**WORK TO BE COMPLETED:** The response is to be the full listing, set down exactly.

**EXERCISE DATA:**
(* Let $i,p\ge-1$, $q\ge0$, $0\le j\le 2^i$, $0\le m\le 2^p$, $0\le n\le 2^q$, and let $F(t):=\int_0^t\varphi_{pm}(s)\chi_{qn}(s)\,ds$. Then the coefficient $F_{ij}$ of $F$ satisfies \[ |F_{ij}|\le 2^{-2(i\vee p\vee q)+p+q}, \] except in the case $p<q=i$, in which one has $|F_{ij}|\le1$.
   Context: Index set: pairs $(p,m)$ with either $p=-1,m=0$, or $p\in\mathbb{N}=\{0,1,2,\dots\}$ and $0\le m\le 2^p$. For $p\in\mathbb{N}$, $1\le m\le 2^p$ set $t^0_{pm}=(m-1)2^{-p}$, $t^1_{pm}=(2m-1)2^{-p-1}$, $t^2_{pm}=m2^{-p}$. Rescaled Haar functions: for $p\in\mathbb{N}$, $1\le m\le 2^p$, $\chi_{pm}=2^p$ on $[t^0_{pm},t^1_{pm})$, $=-2^p$ on $[t^1_{pm},t^2_{pm})$, $=0$ elsewhere; $\chi_{00}\equiv1$; $\chi_{p0}\equiv0$ for $p\ge1$. Rescaled Schauder functions: $\varphi_{pm}(t)=\int_0^t\chi_{pm}(s)\,ds$ for $p\in\mathbb{N}$, and $\varphi_{-10}\equiv1$. For continuous $f:[0,1]\to\mathbb{R}$ the coefficients are $f_{-10}=f(0)$, $f_{00}=f(1)-f(0)$, $f_{p0}=0$ for $p\ge1$, $f_{pm}=2f(t^1_{pm})-f(t^0_{pm})-f(t^2_{pm})$ for $p\in\mathbb{N},m\ge1$. $a\vee b=\max(a,b)$. *)

From Stdlib Require Import Reals ZArith Lra.
Open Scope R_scope.

Definition t0 (p m : nat) : R := (INR m - 1) / 2 ^ p.
Definition t1 (p m : nat) : R := (2 * INR m - 1) / 2 ^ (S p).
Definition t2 (p m : nat) : R := INR m / 2 ^ p.

Definition chi (p m : nat) (t : R) : R :=
  match m with
  | O => match p with O => 1 | S _ => 0 end
  | S _ =>
      if Rle_dec (t0 p m) t then
        if Rlt_dec t (t1 p m) then 2 ^ p
        else if Rlt_dec t (t2 p m) then - 2 ^ p else 0
      else 0
  end.

Definition index_ok (p : Z) (m : nat) : Prop :=
  (p = (-1)%Z /\ m = O) \/ ((0 <= p)%Z /\ (m <= 2 ^ Z.to_nat p)%nat).

Definition is_primitive (g F : R -> R) : Prop :=
  forall (t : R) (pr : Riemann_integrable g 0 t), F t = RiemannInt pr.

Definition is_schauder (p : Z) (m : nat) (phi : R -> R) : Prop :=
  if Z.eqb p (-1) then forall t, phi t = 1
  else is_primitive (chi (Z.to_nat p) m) phi.

Definition coef (f : R -> R) (i : Z) (j : nat) : R :=
  if Z.eqb i (-1) then f 0
  else match j with
       | O => if Z.eqb i 0 then f 1 - f 0 else 0
       | S _ => let k := Z.to_nat i in
                2 * f (t1 k j) - f (t0 k j) - f (t2 k j)
       end.

From Stdlib Require Import Reals ZArith Lra Lia List.
From Coquelicot Require Import Coquelicot.
Open Scope R_scope.

(** For [i >= 0] the coefficient [F_ij] is the integral of [g = phi_pm chi_qn] against
    the Haar function of a dyadic interval [I] of length [2^-i] (for [i = -1] it is
    [F 0 = 0]). Trivially [|F_ij| <= |I| 2^q = 2^(q-i)], the exceptional bound, and when
    [p] dominates, [phi_pm] is supported on an interval of length [2^-p], giving
    [2^(q-p)]. Otherwise one uses that [phi_pm] has slopes at most [2^p] and kinks only on
    the grid of mesh [2^-(p+1)], that [chi_qn] jumps only on the grid of mesh [2^-(q+1)],
    and that the Haar integral of an affine function of slope [c] over an interval of
    half-length [h] is [-c h^2]. When [i] dominates, [g] itself is affine on [I], giving
    [2^(p+q-2i-2)]. When [q] dominates, the three grid points of [I] avoid the interior
    of the support of [chi_qn], so [F_ij] is a sum of at most two copies of
    [int phi_pm chi_qn], which is the Haar integral of [2^q phi_pm] at level [q] and hence
    at most [2^(p-q-2)] in absolute value. *)

Lemma pow2_pos (k : nat) : 0 < 2 ^ k.
Proof. apply pow_lt; lra. Qed.

Lemma powerRZ2_le (z1 z2 : Z) : (z1 <= z2)%Z -> powerRZ 2 z1 <= powerRZ 2 z2.
Proof.
  intros Hz. rewrite !powerRZ_Rpower by lra.
  apply Rle_Rpower; [lra | apply IZR_le; exact Hz].
Qed.

Lemma inv_pow2_powerRZ (k : nat) : / 2 ^ k = powerRZ 2 (- Z.of_nat k).
Proof. rewrite powerRZ_neg', <- pow_powerRZ. reflexivity. Qed.

Lemma INR_pow2 (k : nat) : INR (2 ^ k) = 2 ^ k.
Proof. rewrite pow_INR. reflexivity. Qed.

Lemma not_between (u v x : R) : ~ (u < x < v) -> x <= u \/ v <= x.
Proof. intros H. destruct (Rle_lt_dec x u); [now left|]. right. lra. Qed.

Definition dyadic_free (L : nat) (u v : R) : Prop :=
  forall c : nat, ~ (u < INR c / 2 ^ L < v).

Lemma dyadic_free_cell (L M K : nat) :
  (L <= M)%nat -> dyadic_free L (INR K / 2 ^ M) (INR (S K) / 2 ^ M).
Proof.
  intros HLM c [Hlo Hhi].
  assert (E : INR c / 2 ^ L = INR (c * 2 ^ (M - L)) / 2 ^ M).
  { rewrite mult_INR, INR_pow2. replace M with (L + (M - L))%nat at 2 by lia.
    rewrite pow_add. field. split; apply pow_nonzero; lra. }
  rewrite E in Hlo, Hhi. unfold Rdiv in Hlo, Hhi.
  pose proof (Rinv_0_lt_compat _ (pow2_pos M)) as HM.
  apply Rmult_lt_reg_r, INR_lt in Hlo, Hhi; auto. lia.
Qed.

Definition dyadic_grid (L : nat) : list R :=
  map (fun c => INR c / 2 ^ L) (seq 0 (S (2 ^ L))).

**WORKED SOLUTION:**
(* Let $i,p\ge-1$, $q\ge0$, $0\le j\le 2^i$, $0\le m\le 2^p$, $0\le n\le 2^q$, and let $F(t):=\int_0^t\varphi_{pm}(s)\chi_{qn}(s)\,ds$. Then the coefficient $F_{ij}$ of $F$ satisfies \[ |F_{ij}|\le 2^{-2(i\vee p\vee q)+p+q}, \] except in the case $p<q=i$, in which one has $|F_{ij}|\le1$.
   Context: Index set: pairs $(p,m)$ with either $p=-1,m=0$, or $p\in\mathbb{N}=\{0,1,2,\dots\}$ and $0\le m\le 2^p$. For $p\in\mathbb{N}$, $1\le m\le 2^p$ set $t^0_{pm}=(m-1)2^{-p}$, $t^1_{pm}=(2m-1)2^{-p-1}$, $t^2_{pm}=m2^{-p}$. Rescaled Haar functions: for $p\in\mathbb{N}$, $1\le m\le 2^p$, $\chi_{pm}=2^p$ on $[t^0_{pm},t^1_{pm})$, $=-2^p$ on $[t^1_{pm},t^2_{pm})$, $=0$ elsewhere; $\chi_{00}\equiv1$; $\chi_{p0}\equiv0$ for $p\ge1$. Rescaled Schauder functions: $\varphi_{pm}(t)=\int_0^t\chi_{pm}(s)\,ds$ for $p\in\mathbb{N}$, and $\varphi_{-10}\equiv1$. For continuous $f:[0,1]\to\mathbb{R}$ the coefficients are $f_{-10}=f(0)$, $f_{00}=f(1)-f(0)$, $f_{p0}=0$ for $p\ge1$, $f_{pm}=2f(t^1_{pm})-f(t^0_{pm})-f(t^2_{pm})$ for $p\in\mathbb{N},m\ge1$. $a\vee b=\max(a,b)$. *)

From Stdlib Require Import Reals ZArith Lra.
Open Scope R_scope.

Definition t0 (p m : nat) : R := (INR m - 1) / 2 ^ p.
Definition t1 (p m : nat) : R := (2 * INR m - 1) / 2 ^ (S p).
Definition t2 (p m : nat) : R := INR m / 2 ^ p.

Definition chi (p m : nat) (t : R) : R :=
  match m with
  | O => match p with O => 1 | S _ => 0 end
  | S _ =>
      if Rle_dec (t0 p m) t then
        if Rlt_dec t (t1 p m) then 2 ^ p
        else if Rlt_dec t (t2 p m) then - 2 ^ p else 0
      else 0
  end.

Definition index_ok (p : Z) (m : nat) : Prop :=
  (p = (-1)%Z /\ m = O) \/ ((0 <= p)%Z /\ (m <= 2 ^ Z.to_nat p)%nat).

Definition is_primitive (g F : R -> R) : Prop :=
  forall (t : R) (pr : Riemann_integrable g 0 t), F t = RiemannInt pr.

Definition is_schauder (p : Z) (m : nat) (phi : R -> R) : Prop :=
  if Z.eqb p (-1) then forall t, phi t = 1
  else is_primitive (chi (Z.to_nat p) m) phi.

Definition coef (f : R -> R) (i : Z) (j : nat) : R :=
  if Z.eqb i (-1) then f 0
  else match j with
       | O => if Z.eqb i 0 then f 1 - f 0 else 0
       | S _ => let k := Z.to_nat i in
                2 * f (t1 k j) - f (t0 k j) - f (t2 k j)
       end.

From Stdlib Require Import Reals ZArith Lra Lia List.
From Coquelicot Require Import Coquelicot.
Open Scope R_scope.

(** For [i >= 0] the coefficient [F_ij] is the integral of [g = phi_pm chi_qn] against
    the Haar function of a dyadic interval [I] of length [2^-i] (for [i = -1] it is
    [F 0 = 0]). Trivially [|F_ij| <= |I| 2^q = 2^(q-i)], the exceptional bound, and when
    [p] dominates, [phi_pm] is supported on an interval of length [2^-p], giving
    [2^(q-p)]. Otherwise one uses that [phi_pm] has slopes at most [2^p] and kinks only on
    the grid of mesh [2^-(p+1)], that [chi_qn] jumps only on the grid of mesh [2^-(q+1)],
    and that the Haar integral of an affine function of slope [c] over an interval of
    half-length [h] is [-c h^2]. When [i] dominates, [g] itself is affine on [I], giving
    [2^(p+q-2i-2)]. When [q] dominates, the three grid points of [I] avoid the interior
    of the support of [chi_qn], so [F_ij] is a sum of at most two copies of
    [int phi_pm chi_qn], which is the Haar integral of [2^q phi_pm] at level [q] and hence
    at most [2^(p-q-2)] in absolute value. *)

Lemma pow2_pos (k : nat) : 0 < 2 ^ k.
Proof. apply pow_lt; lra. Qed.

Lemma powerRZ2_le (z1 z2 : Z) : (z1 <= z2)%Z -> powerRZ 2 z1 <= powerRZ 2 z2.
Proof.
  intros Hz. rewrite !powerRZ_Rpower by lra.
  apply Rle_Rpower; [lra | apply IZR_le; exact Hz].
Qed.

Lemma inv_pow2_powerRZ (k : nat) : / 2 ^ k = powerRZ 2 (- Z.of_nat k).
Proof. rewrite powerRZ_neg', <- pow_powerRZ. reflexivity. Qed.

Lemma INR_pow2 (k : nat) : INR (2 ^ k) = 2 ^ k.
Proof. rewrite pow_INR. reflexivity. Qed.

Lemma not_between (u v x : R) : ~ (u < x < v) -> x <= u \/ v <= x.
Proof. intros H. destruct (Rle_lt_dec x u); [now left|]. right. lra. Qed.

Definition dyadic_free (L : nat) (u v : R) : Prop :=
  forall c : nat, ~ (u < INR c / 2 ^ L < v).

Lemma dyadic_free_cell (L M K : nat) :
  (L <= M)%nat -> dyadic_free L (INR K / 2 ^ M) (INR (S K) / 2 ^ M).
Proof.
  intros HLM c [Hlo Hhi].
  assert (E : INR c / 2 ^ L = INR (c * 2 ^ (M - L)) / 2 ^ M).
  { rewrite mult_INR, INR_pow2. replace M with (L + (M - L))%nat at 2 by lia.
    rewrite pow_add. field. split; apply pow_nonzero; lra. }
  rewrite E in Hlo, Hhi. unfold Rdiv in Hlo, Hhi.
  pose proof (Rinv_0_lt_compat _ (pow2_pos M)) as HM.
  apply Rmult_lt_reg_r, INR_lt in Hlo, Hhi; auto. lia.
Qed.

Definition dyadic_grid (L : nat) : list R :=
  map (fun c => INR c / 2 ^ L) (seq 0 (S (2 ^ L))).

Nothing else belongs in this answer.